_Data for processing:_

(* Distance-regular graph of diameter d with intersection array
   {b_0,...,b_{d-1}; c_1,...,c_d}, given as bs = [b_0;...;b_{d-1}],
   cs = [c_1;...;c_d]. *)
Definition distance_regular (T : finType) (e : rel T) (d : nat)
    (bs cs : seq nat) : Prop :=
  [/\ size bs = d /\ size cs = d,
      (forall x y : T, y \in ball e d x),
      (exists x y : T, at_dist e d x y),
      (forall i x y, i < d -> at_dist e i x y ->
          #|[set z | e x z && at_dist e i.+1 z y]| = nth 0 bs i) &
      (forall i x y, 0 < i <= d -> at_dist e i x y ->
          #|[set z | e x z && at_dist e i.-1 z y]| = nth 0 cs i.-1)].

Definition bip_part (T : finType) (e : rel T) (x : T) : {set T} :=
  [set y | [exists i : 'I_#|T|, ~~ odd i && at_dist e i x y]].

From mathcomp Require Import all_boot fingroup morphism automorphism quotient gproduct cyclic zify.
Set Implicit Arguments. Unset Strict Implicit. Unset Printing Implicit Defensive.
Local Open Scope group_scope.

(* 1. Graph theory.  Since b_i + c_i = k for i = 1, 2, 3, no edge joins two
      vertices equidistant from a third one; hence the parity of the distance
      to 1 flips along every edge, and on a Cayley graph this parity
      [cay_par] is a homomorphism G -> Z/2 whose kernel is the part H of 1.
      Moreover mu < k, because b_2 = k - mu > 0 in diameter 3.
   2. If b is odd, then b is an involution outside H and H ><| <[b]> = G
      ([kernel_sdprod]).
   3. If b is even we reach a contradiction.  The elements of the odd side
      outside <a> square to the central involution c = a^m; pairing common
      neighbours by z |-> z c shows that mu is even, and a parity count of the
      fixed points of a reflection of the common neighbours of w^2 and 1
      shows that c S = S ([cent_inv_shift]).  Then c and 1 have all k
      neighbours in common, i.e. mu = k, contradicting mu < k. *)

Section Balls.
Variables (T : finType) (e : rel T).

Lemma in_ballS i x y :
  (y \in ball e i.+1 x) = (y \in ball e i x) || [exists w in ball e i x, e w y].
Proof. by rewrite /= in_setU inE. Qed.

Lemma ball_mono i j x : (i <= j)%N -> ball e i x \subset ball e j x.
Proof.
elim: j => [|j IHj]; first by rewrite leqn0 => /eqP->.
rewrite leq_eqVlt => /orP[/eqP->//|/IHj sij].
by apply: subset_trans sij _; apply/subsetP=> y yi; rewrite in_ballS yi.
Qed.

Lemma ball_step i x y z : y \in ball e i x -> e z x -> y \in ball e i.+1 z.
Proof.
elim: i y => [|i IHi] y.
  rewrite inE => /eqP-> ezx; rewrite in_ballS; apply/orP; right.
  by apply/existsP; exists z; rewrite inE eqxx ezx.
rewrite in_ballS => /orP[/IHi yiz ezx| /existsP[w /andP[wi ewy]] ezx].
  by rewrite in_ballS yiz.
by rewrite in_ballS; apply/orP; right; apply/existsP; exists w; rewrite IHi.
Qed.

Lemma dist_uniq i j x y : at_dist e i x y -> at_dist e j x y -> i = j.
Proof.
have farther i' j' : (i' < j')%N -> y \in ball e i' x ->
    ~~ ((j' == 0) || (y \notin ball e j'.-1 x)).
  move=> lt_ij yi; rewrite negb_or negbK (subsetP (ball_mono x _) _ yi) ?andbT.
    by rewrite -lt0n (leq_ltn_trans _ lt_ij).
  by rewrite -ltnS (ltn_predK lt_ij).
case/andP=> yi ci /andP[yj cj]; case: (ltngtP i j) => // lt.
  by case/negP: (farther _ _ lt yi).
by case/negP: (farther _ _ lt yj).
Qed.

Lemma dist_ex n x y : y \in ball e n x -> exists2 i, (i <= n)%N & at_dist e i x y.
Proof.
elim: n => [|n IHn] yn; first by exists 0 => //; rewrite /at_dist yn.
case: (boolP (y \in ball e n x)) => [/IHn[i le_in di]|yn'].
  by exists i => //; apply: leqW.
by exists n.+1 => //; rewrite /at_dist yn yn' orbT.
Qed.

Lemma at_dist0 x : at_dist e 0 x x.
Proof. by rewrite /at_dist inE eqxx. Qed.

Hypothesis e_sym : symmetric e.

Lemma ball_sym i x y : (y \in ball e i x) = (x \in ball e i y).
Proof.
suff sub x' y' : y' \in ball e i x' -> x' \in ball e i y' by apply/idP/idP; apply: sub.
elim: i y' => [|i IHi] y'; first by rewrite !inE eq_sym.
rewrite in_ballS => /orP[/IHi xi| /existsP[w /andP[wi ewy]]].
  by rewrite in_ballS xi.
by apply: ball_step (IHi _ wi) _; rewrite e_sym.
Qed.

Lemma at_dist_sym i x y : at_dist e i x y = at_dist e i y x.
Proof. by rewrite /at_dist (ball_sym i x y) (ball_sym i.-1 x y). Qed.

Hypothesis e_irr : irreflexive e.

Lemma at_dist1 x y : at_dist e 1 x y = e x y.
Proof.
rewrite /at_dist in_ballS !inE /=; case: eqP => [->|_]; first by rewrite e_irr andbF.
rewrite andbT; apply/existsP/idP => [[w /andP[]]|exy]; first by rewrite inE => /eqP->.
by exists x; rewrite inE eqxx.
Qed.

End Balls.

Lemma card_disjointU3_le (T : finType) (A B C D : {set T}) :
  A :&: B = set0 -> A :&: C = set0 -> B :&: C = set0 -> A :|: B :|: C \subset D ->
  (#|A| + #|B| + #|C| <= #|D|)%N.
Proof.
move=> AB AC BC /subset_leq_card.
by rewrite cardsU setIUl AC BC setU0 cards0 subn0 cardsU AB cards0 subn0.
Qed.

Section BipartiteDRG.
Variables (T : finType) (e : rel T) (k mu : nat).
Hypotheses (e_sym : symmetric e) (e_irr : irreflexive e).
Hypothesis drg : distance_regular e 3 [:: k; k - 1; k - mu] [:: 1%N; mu; k].

Definition nbr_layer x y j : {set T} := [set z | e x z && at_dist e j z y].

Lemma dist_le3 x y : exists2 i, (i <= 3)%N & at_dist e i x y.
Proof. by case: drg => _ connected _ _ _; apply: dist_ex. Qed.

Lemma b_layer i x y : (i < 3)%N -> at_dist e i x y ->
  #|nbr_layer x y i.+1| = nth 0 [:: k; k - 1; k - mu] i.
Proof. by case: drg => _ _ _ bs _; apply: bs. Qed.

Lemma c_layer i x y : (0 < i <= 3)%N -> at_dist e i x y ->
  #|nbr_layer x y i.-1| = nth 0 [:: 1%N; mu; k] i.-1.
Proof. by case: drg => _ _ _ _ cs; apply: cs. Qed.

Lemma degree x : #|[set z | e x z]| = k.
Proof.
have := @b_layer 0 x x erefl (at_dist0 e x); rewrite /= => <-.
by apply: eq_card => z; rewrite !inE at_dist1 // [e z x]e_sym andbb.
Qed.

Lemma layer_sum x y i : (0 < i)%N ->
  (#|nbr_layer x y i.-1| + #|nbr_layer x y i| + #|nbr_layer x y i.+1| <= k)%N.
Proof.
move=> i_gt0; have disj j j' : j != j' -> nbr_layer x y j :&: nbr_layer x y j' = set0.
  move=> neq_jj'; apply/setP=> z; rewrite !inE; apply/negbTE/negP.
  by case/andP=> /andP[_ dj] /andP[_ dj']; rewrite (dist_uniq dj dj') eqxx in neq_jj'.
rewrite -(degree x); apply: card_disjointU3_le; rewrite ?disj //; try by apply/eqP; lia.
by apply/subsetP=> z; rewrite !inE => /orP[/orP[]|] /andP[->].
Qed.

Lemma no_flat_edge x z y i : e x z -> at_dist e i x y -> at_dist e i z y -> False.
Proof.
move=> exz dx dz; have [i' le_i3 /(dist_uniq dx) eq_ii'] := dist_le3 x y; subst i'.
case: i dx dz le_i3 => [|i] dx dz le_i3.
  move: dx dz; rewrite /at_dist !inE !andbT => /eqP-> /eqP eq_zy.
  by rewrite eq_zy e_irr in exz.
have layer_i : (0 < #|nbr_layer x y i.+1|)%N by apply/card_gt0P; exists z; rewrite inE exz.
have := layer_sum x y (erefl true : (0 < i.+1)%N); rewrite (c_layer _ dx) /=; last by lia.
case: i dx {dz} le_i3 layer_i => [|[|[|//]]] dx _ layer_i.
- by rewrite (b_layer _ dx) //=; lia.
- by rewrite (b_layer _ dx) //=; lia.
- by rewrite /=; lia.
Qed.

Lemma edge_parity x z y i j :
  e x z -> at_dist e i x y -> at_dist e j z y -> odd j = ~~ odd i.
Proof.
have close u v i' j' : e u v -> at_dist e i' u y -> at_dist e j' v y -> (j' <= i'.+1)%N.
  move=> euv /andP[yu _] dv; rewrite e_sym in euv.
  by have [j'' le_j'' dv''] := dist_ex (ball_step yu euv); rewrite (dist_uniq dv dv'').
move=> exz dx dz; have le_ji := close _ _ _ _ exz dx dz.
have le_ij := close _ _ _ _ (etrans (e_sym z x) exz) dz dx.
have neq_ij : i != j by apply/eqP => eq_ij; subst j; apply: no_flat_edge exz dx dz.
have : (j == i.+1) || (i == j.+1) by lia.
by case/orP => /eqP->; rewrite /= ?negbK.
Qed.

(* The parity of the distance between x and y (all distances are <= 3). *)
Definition odd_dist x y : bool := [exists i : 'I_4, odd i && at_dist e i x y].

Lemma odd_distE i x y : at_dist e i x y -> odd_dist x y = odd i.
Proof.
move=> dxy; have [i' le_i'3 /(dist_uniq dxy) eq_ii'] := dist_le3 x y; subst i'.
apply/existsP/idP => [[j /andP[odd_j dj]]|odd_i]; first by rewrite -(dist_uniq dj dxy).
by exists (Ordinal (le_i'3 : (i < 4)%N)); rewrite /= odd_i dxy.
Qed.

Lemma odd_dist_edge x z y : e x z -> odd_dist z y = ~~ odd_dist x y.
Proof.
move=> exz; have [i _ dx] := dist_le3 x y; have [j _ dz] := dist_le3 z y.
by rewrite (odd_distE dx) (odd_distE dz) (edge_parity exz dx dz).
Qed.

Lemma bip_partE y : (3 < #|T|)%N -> bip_part e y = [set x | ~~ odd_dist x y].
Proof.
move=> card_T; apply/setP => x; rewrite !inE.
have [i le_i3 dxy] := dist_le3 x y; rewrite (odd_distE dxy).
apply/existsP/idP => [[j /andP[even_j]]|even_i].
  by rewrite at_dist_sym // => /(dist_uniq dxy)->.
have lt_iT : (i < #|T|)%N by lia.
by exists (Ordinal lt_iT); rewrite /= even_i at_dist_sym.
Qed.

Lemma common_nbrs x y : at_dist e 2 x y -> #|[set z | e x z && e z y]| = mu.
Proof.
move=> dxy; have := c_layer (erefl true : (0 < 2 <= 3)%N) dxy; rewrite /= => <-.
by apply: eq_card => z; rewrite !inE at_dist1.
Qed.

(* Since the diameter is 3, b_2 = k - mu is positive. *)
Lemma mu_lt_k : (mu < k)%N.
Proof.
have [x [y dxy]] : exists x y, at_dist e 3 x y by case: drg.
have k_gt0 : (0 < k)%N.
  case/andP: dxy; rewrite in_ballS orFb => /orP[-> //|/existsP[w /andP[_ ewy]] _].
  by rewrite -(degree w); apply/card_gt0P; exists y; rewrite inE.
have : (0 < #|nbr_layer x y 2|)%N by rewrite (c_layer (erefl true : (0 < 3 <= 3)%N) dxy).
case/card_gt0P=> z; rewrite inE => /andP[exz dz].
rewrite -subn_gt0 -[(k - mu)%N]/(nth 0 [:: k; k - 1; k - mu] 2) -(b_layer _ dz) //.
by apply/card_gt0P; exists x; rewrite inE e_sym exz.
Qed.

End BipartiteDRG.

Lemma odd_card_involution (T : finType) (f : T -> T) (A : {set T}) :
  {in A, forall x, f x \in A} -> {in A, involutive f} ->
  odd #|A| = odd #|[set x in A | f x == x]|.
Proof.
elim: {A}_.+1 {-2}A (ltnSn #|A|) => // n IHn A le_An fA ffA.
have [x /andP[xA fx]|fixA] := pickP [pred x in A | f x != x]; last first.
  suff -> : [set x in A | f x == x] = A by [].
  apply/setP=> x; rewrite inE; case xA: (x \in A) => //=.
  by move: (fixA x); rewrite /= xA => /negbFE.
set B := A :\ x :\ f x.
have fxB : f x \in A :\ x by rewrite !inE fx fA.
have card_A : #|A| = #|B|.+2 by rewrite (cardsD1 x A) xA (cardsD1 (f x) (A :\ x)) fxB.
have sameFix : [set y in A | f y == y] = [set y in B | f y == y].
  apply/setP=> y; rewrite !inE; case: (eqVneq (f y) y) => [fy|]; rewrite ?andbF //.
  case: (eqVneq y (f x)) => [yfx|_].
    by rewrite yfx ffA // in fy; rewrite -fy eqxx in fx.
  by case: (eqVneq y x) => [yx|//]; rewrite -yx fy eqxx in fx.
rewrite card_A /= sameFix -IHn ?negbK //.
  by move: le_An; rewrite card_A ltnS => /ltnW.
  move=> y; rewrite !inE => /and3P[yfx yx yA]; rewrite fA // andbT.
  apply/andP; split; first by apply: contraNneq yx => /(congr1 f); rewrite !ffA // => ->.
  by apply: contraNneq yfx => <-; rewrite ffA.
by move=> y; rewrite !inE => /and3P[_ _ /ffA].
Qed.

Lemma kernel_sdprod (gT : finGroupType) (p : gT -> bool) (t : gT) :
  {morph p : x y / x * y >-> x (+) y} -> t * t = 1 -> p t ->
  [set x | ~~ p x] ><| <[t]> = [set: gT].
Proof.
move=> pM tt pt; have p1 : p 1 = false by have := pM 1 1; rewrite mulg1; case: (p 1).
have pV x : p x^-1 = p x by have := pM x x^-1; rewrite mulgV p1; case: (p x); case: (p x^-1).
have tX i : t ^+ i = if odd i then t else 1.
  by elim: i => [|i IHi]; rewrite ?expg0 // expgS IHi /=; case: (odd i); rewrite ?tt ?mulg1.
have kerG : group_set [set x | ~~ p x].
  by apply/group_setP; split=> [|x y]; rewrite !inE ?p1 // pM; case: (p x); case: (p y).
have -> : [set x | ~~ p x] = Group kerG by [].
rewrite sdprodE.
- apply/eqP; rewrite eqEsubset subsetT /=; apply/subsetP=> x _.
  case px: (p x); last by rewrite -[x]mulg1 mem_mulg ?inE ?px.
  by rewrite -(mulgKV t x) mem_mulg ?cycle_id // inE pM pV px pt.
- rewrite cycle_subG; apply/normP/eqP; rewrite eqEcard cardJg leqnn andbT.
  apply/subsetP=> x; rewrite mem_conjg !inE conjgE invgK !pM pV.
  by case: (p x); case: (p t).
apply/eqP; rewrite eqEsubset sub1G andbT; apply/subsetP=> x.
rewrite !inE => /andP[px /cycleP[i xE]]; move: px; rewrite xE tX.
by case: (odd i); rewrite ?pt // group1.
Qed.

Section CayleyGraph.
Variables (gT : finGroupType) (S : {set gT}).
Hypotheses (S1 : 1 \notin S) (SV : S^-1 = S).

Lemma memSV x : (x^-1 \in S) = (x \in S).
Proof. by rewrite -mem_invg SV. Qed.

Lemma cay_sym : symmetric (cay_adj S).
Proof. by move=> x y; rewrite /cay_adj -memSV invMg invgK. Qed.

Lemma cay_irr : irreflexive (cay_adj S).
Proof. by move=> x; rewrite /cay_adj mulgV (negbTE S1). Qed.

_Exercise brief:_ Return each line of the material above in which the string "Ordinal" appears.

_Response area:_
by exists (Ordinal (le_i'3 : (i < 4)%N)); rewrite /= odd_i dxy.
by exists (Ordinal lt_iT); rewrite /= even_i at_dist_sym.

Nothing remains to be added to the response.